Determine the number of lines in the data below that hold "Rmax"; give nothing but that number.

---- Data provided

(* Let $n\ge 2$ and let $\gamma:I\to\mathbb{R}^2$ ($0\in I$) be a front without inflection points with $\gamma'(0)=\mathbf{0}$. If $t=0$ is a singular point of each of $Ev(\gamma),Ev^2(\gamma),\dots,Ev^{n-1}(\gamma)$, then $\gamma$ is not $\mathcal{A}$-equivalent to $Cusp_{(n,n+1)}(t)=(t^n,t^{n+1})$ at $t=0$.
   Context: A $C^\infty$ curve $\gamma:I\to\mathbb{R}^2$ is a front if there is a $C^\infty$ map $\nu:I\to S^1$ with $\gamma'\cdot\nu=0$ and $(\gamma,\nu)$ an immersion. With $M$ the anticlockwise rotation by $\pi/2$, $\mu=M(\nu)$, $\ell=\nu'\cdot\mu$, $\beta=\gamma'\cdot\mu$; no inflection points means $\ell\neq0$ on $I$. Evolutes: $\beta_0=\beta$, $\beta_k=\frac{d}{dt}(\beta_{k-1}/\ell)$, $Ev^0(\gamma)=\gamma$, $Ev^{k}(\gamma)=Ev^{k-1}(\gamma)-\frac{\beta_{k-1}}{\ell}M^{k-1}(\nu)$, $Ev=Ev^1$. A point is singular for a curve if its derivative vanishes there. $\mathcal{A}$-equivalence means equivalence via $C^\infty$ diffeomorphism germs of source and target. *)

From Stdlib Require Import Reals Lra List.
From Coquelicot Require Import Coquelicot.
Open Scope R_scope.

Definition in_I (a b : Rbar) (t : R) : Prop := Rbar_lt a t /\ Rbar_lt t b.

Definition smooth_on (a b : Rbar) (f : R -> R) : Prop :=
  forall (k : nat) (t : R), in_I a b t -> ex_derive (Derive_n f k) t.

Definition smooth_near (x : R) (f : R -> R) : Prop :=
  locally x (fun t => forall k : nat, ex_derive (Derive_n f k) t).

(** Partial derivatives of F : R^2 -> R (true = first variable). *)
Definition pd (b : bool) (F : R * R -> R) : R * R -> R :=
  fun p => if b then Derive (fun s => F (s, snd p)) (fst p)
           else Derive (fun s => F (fst p, s)) (snd p).

Definition pds (ds : list bool) (F : R * R -> R) : R * R -> R :=
  fold_right pd F ds.

Definition smooth2_near (p : R * R) (F : R * R -> R) : Prop :=
  locally p (fun q => forall ds : list bool,
    continuous (pds ds F) q /\
    ex_derive (fun s => pds ds F (s, snd q)) (fst q) /\
    ex_derive (fun s => pds ds F (fst q, s)) (snd q)).

Definition diffeo_germ1 (phi : R -> R) : Prop :=
  phi 0 = 0 /\ smooth_near 0 phi /\
  exists psi : R -> R, smooth_near 0 psi /\
    locally 0 (fun t => psi (phi t) = t) /\
    locally 0 (fun s => phi (psi s) = s).

Definition diffeo_germ2 (p q : R * R) (Phi : R * R -> R * R) : Prop :=
  Phi p = q /\
  smooth2_near p (fun x => fst (Phi x)) /\ smooth2_near p (fun x => snd (Phi x)) /\
  exists Psi : R * R -> R * R,
    smooth2_near q (fun y => fst (Psi y)) /\ smooth2_near q (fun y => snd (Psi y)) /\
    locally p (fun x => Psi (Phi x) = x) /\
    locally q (fun y => Phi (Psi y) = y).

Definition A_equiv_at0 (f g : R -> R * R) : Prop :=
  exists (phi : R -> R) (Phi : R * R -> R * R),
    diffeo_germ1 phi /\ diffeo_germ2 (f 0) (g 0) Phi /\
    locally 0 (fun t => Phi (f t) = g (phi t)).

Definition Cusp (n : nat) : R -> R * R := fun t => (t ^ n, t ^ (n + 1)).

Definition Mrot (v : R * R) : R * R := (- snd v, fst v).
Fixpoint Mpow (k : nat) (v : R * R) : R * R :=
  match k with O => v | S k' => Mrot (Mpow k' v) end.

Definition dot (u v : R * R) : R := fst u * fst v + snd u * snd v.

(** Curve gamma = (g1,g2), unit normal nu = (n1,n2). *)
Definition dcurve (f1 f2 : R -> R) (t : R) : R * R := (Derive f1 t, Derive f2 t).
Definition nuv (n1 n2 : R -> R) (t : R) : R * R := (n1 t, n2 t).
Definition muv (n1 n2 : R -> R) (t : R) : R * R := Mrot (nuv n1 n2 t).

Definition ell (n1 n2 : R -> R) (t : R) : R := dot (dcurve n1 n2 t) (muv n1 n2 t).
Definition beta (g1 g2 n1 n2 : R -> R) (t : R) : R :=
  dot (dcurve g1 g2 t) (muv n1 n2 t).

Fixpoint betak (g1 g2 n1 n2 : R -> R) (k : nat) : R -> R :=
  match k with
  | O => beta g1 g2 n1 n2
  | S k' => Derive (fun t => betak g1 g2 n1 n2 k' t / ell n1 n2 t)
  end.

Fixpoint Ev (g1 g2 n1 n2 : R -> R) (k : nat) : R -> R * R :=
  match k with
  | O => fun t => (g1 t, g2 t)
  | S k' => fun t =>
      let c := betak g1 g2 n1 n2 k' t / ell n1 n2 t in
      let w := Mpow k' (nuv n1 n2 t) in
      (fst (Ev g1 g2 n1 n2 k' t) - c * fst w, snd (Ev g1 g2 n1 n2 k' t) - c * snd w)
  end.

Definition singular_at (c : R -> R * R) (t : R) : Prop :=
  Derive (fun s => fst (c s)) t = 0 /\ Derive (fun s => snd (c s)) t = 0.

Definition front_with (a b : Rbar) (g1 g2 n1 n2 : R -> R) : Prop :=
  smooth_on a b g1 /\ smooth_on a b g2 /\ smooth_on a b n1 /\ smooth_on a b n2 /\
  (forall t, in_I a b t -> n1 t ^ 2 + n2 t ^ 2 = 1) /\
  (forall t, in_I a b t -> dot (dcurve g1 g2 t) (nuv n1 n2 t) = 0) /\
  (forall t, in_I a b t ->
     ~ (Derive g1 t = 0 /\ Derive g2 t = 0 /\ Derive n1 t = 0 /\ Derive n2 t = 0)).

From Stdlib Require Import Reals Lra Lia List.
From Coquelicot Require Import Coquelicot.
Open Scope R_scope.

(** Along a front, [gamma' = beta mu] and, by induction, [(Ev^k)' = beta_k M^(k+1) nu];
    as [M^(k+1) nu] is a unit vector, singularity of [Ev^k] at [0] means [beta_k(0) = 0]
    for [k < n].  Since [beta_(k+1) = (beta_k / ell)'], each such vanishing raises the
    order of [beta_k] at [0] by one over that of [beta_(k+1)]; starting from the bounded
    [beta_n] this gives [beta = O(t^n)], hence [gamma(t) - gamma(0) = O(t^(n+1))].
    If [Phi o gamma = Cusp o phi], then [|phi t|^n = |Phi_1(gamma t) - Phi_1(gamma 0)|
    = O(t^(n+1))] as [Phi] is Lipschitz, while [|t| = |phi^-1(phi t)| = O(|phi t|)];
    together [t^n = O(t^(n+1))], which is absurd. *)

Lemma is_derive_Rmult (f g : R -> R) x df dg :
  is_derive f x df -> is_derive g x dg ->
  is_derive (fun t => f t * g t) x (df * g x + f x * dg).
Proof. intros Hf Hg; apply (is_derive_mult f g x df dg Hf Hg), Rmult_comm. Qed.

Lemma is_derive_eq_val (f : R -> R) x d d' : is_derive f x d -> d = d' -> is_derive f x d'.
Proof. now intros H <-. Qed.

Lemma Rabs_sub_le_of_between a b x :
  Rmin a b <= x <= Rmax a b -> Rabs (x - a) <= Rabs (b - a).
Proof.
  unfold Rmin, Rmax; destruct (Rle_dec a b); unfold Rabs; repeat destruct Rcase_abs; lra.
Qed.

Lemma mean_value_bound (f : R -> R) a b K :
  (forall x, Rmin a b <= x <= Rmax a b -> ex_derive f x /\ Rabs (Derive f x) <= K) ->
  Rabs (f b - f a) <= K * Rabs (b - a).
Proof.
  intros H.
  destruct (MVT_gen f a b (Derive f)) as [c [Hc ->]].
  - intros x Hx; apply Derive_correct, H; lra.
  - intros x Hx; apply continuity_pt_filterlim.
    apply (ex_derive_continuous (K := R_AbsRing) (V := R_NormedModule)), H; lra.
  - rewrite Rabs_mult; apply Rmult_le_compat_r; [apply Rabs_pos | apply H; lra].
Qed.

Lemma locally_Rabs_le_succ_of_continuous {T : UniformSpace} (h : T -> R) p :
  continuous h p -> locally p (fun y => Rabs (h y) <= Rabs (h p) + 1).
Proof.
  intros Hh; apply filterlim_locally with (eps := mkposreal 1 Rlt_0_1) in Hh.
  revert Hh; apply filter_imp; intros y Hy; change (Rabs (h y - h p) < 1) in Hy.
  pose proof (Rabs_triang_inv (h y) (h p)); lra.
Qed.

Lemma locally_R2_square (P : R * R -> Prop) p : locally p P ->
  exists d, 0 < d /\ forall y1 y2,
    Rabs (y1 - fst p) < d -> Rabs (y2 - snd p) < d -> P (y1, y2).
Proof.
  intros [e He]; exists e; split; [apply cond_pos|].
  intros y1 y2 H1 H2; apply He; split; assumption.
Qed.

(* Axis-parallel mean value theorems, with the partial derivatives bounded near [p]. *)
Lemma smooth2_near_Lipschitz (p : R * R) (F : R * R -> R) : smooth2_near p F ->
  exists K d, 0 <= K /\ 0 < d /\ forall x1 x2,
    Rabs (x1 - fst p) < d -> Rabs (x2 - snd p) < d ->
    Rabs (F (x1, x2) - F p) <= K * (Rabs (x1 - fst p) + Rabs (x2 - snd p)).
Proof.
  destruct p as [p1 p2]; intros Hs.
  destruct (locally_singleton _ _ Hs (true :: nil)) as [C1 _].
  destruct (locally_singleton _ _ Hs (false :: nil)) as [C2 _].
  set (K1 := Rabs (pds (true :: nil) F (p1, p2)) + 1).
  set (K2 := Rabs (pds (false :: nil) F (p1, p2)) + 1).
  assert (HK1 : 0 < K1) by (pose proof (Rabs_pos (pds (true :: nil) F (p1, p2))); unfold K1; lra).
  assert (HK2 : 0 < K2) by (pose proof (Rabs_pos (pds (false :: nil) F (p1, p2))); unfold K2; lra).
  destruct (locally_R2_square _ _ (filter_and _ _ Hs (filter_and _ _
      (locally_Rabs_le_succ_of_continuous _ _ C1)
      (locally_Rabs_le_succ_of_continuous _ _ C2)))) as [d [Hd Hsq]].
  exists (K1 + K2), d; split; [lra|]; split; [exact Hd|].
  simpl; intros x1 x2 Hx1 Hx2.
  assert (A1 : Rabs (F (x1, x2) - F (p1, x2)) <= K1 * Rabs (x1 - p1)).
  { apply (mean_value_bound (fun s => F (s, x2))); intros s Hs'.
    pose proof (Rabs_sub_le_of_between _ _ _ Hs').
    destruct (Hsq s x2 ltac:(simpl; lra) Hx2) as [Hq [B1 _]].
    split; [exact (proj1 (proj2 (Hq nil))) | exact B1]. }
  assert (A2 : Rabs (F (p1, x2) - F (p1, p2)) <= K2 * Rabs (x2 - p2)).
  { apply (mean_value_bound (fun s => F (p1, s))); intros s Hs'.
    pose proof (Rabs_sub_le_of_between _ _ _ Hs').
    assert (Hp : Rabs (p1 - p1) < d) by (rewrite Rminus_eq_0, Rabs_R0; exact Hd).
    destruct (Hsq p1 s Hp ltac:(simpl; lra)) as [Hq [_ B2]].
    split; [exact (proj2 (proj2 (Hq nil))) | exact B2]. }
  replace (F (x1, x2) - F (p1, p2))
    with ((F (x1, x2) - F (p1, x2)) + (F (p1, x2) - F (p1, p2))) by ring.
  pose proof (Rabs_triang (F (x1, x2) - F (p1, x2)) (F (p1, x2) - F (p1, p2))).
  pose proof (Rabs_pos (x1 - p1)); pose proof (Rabs_pos (x2 - p2)); nra.
Qed.

Definition BigO (m : nat) (f : R -> R) : Prop :=
  exists C, 0 <= C /\ locally 0 (fun s => Rabs (f s) <= C * Rabs s ^ m).

Lemma BigO_ext_loc m f g : BigO m f -> locally 0 (fun s => f s = g s) -> BigO m g.
Proof.
  intros [C [HC Hf]] Hfg; exists C; split; [exact HC|].
  generalize (filter_and _ _ Hf Hfg); apply filter_imp; intros s [H E].
  now rewrite <- E.
Qed.

Lemma BigO_of_continuous f : continuous f 0 -> BigO 0 f.
Proof.
  intros Hf; exists (Rabs (f 0) + 1); split; [pose proof (Rabs_pos (f 0)); lra|].
  generalize (locally_Rabs_le_succ_of_continuous _ _ Hf); apply filter_imp.
  intros s H; simpl; lra.
Qed.

Lemma BigO_mult_continuous m f l : BigO m f -> continuous l 0 ->
  BigO m (fun s => f s * l s).
Proof.
  intros [C [HC Hf]] Hl; exists (C * (Rabs (l 0) + 1)).
  pose proof (Rabs_pos (l 0)); split; [nra|].
  generalize (filter_and _ _ Hf (locally_Rabs_le_succ_of_continuous _ _ Hl)).
  apply filter_imp; intros s [Bf Bl].
  rewrite Rabs_mult.
  replace (C * (Rabs (l 0) + 1) * Rabs s ^ m) with (C * Rabs s ^ m * (Rabs (l 0) + 1)) by ring.
  apply Rmult_le_compat; auto; apply Rabs_pos.
Qed.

--------

Task result: 3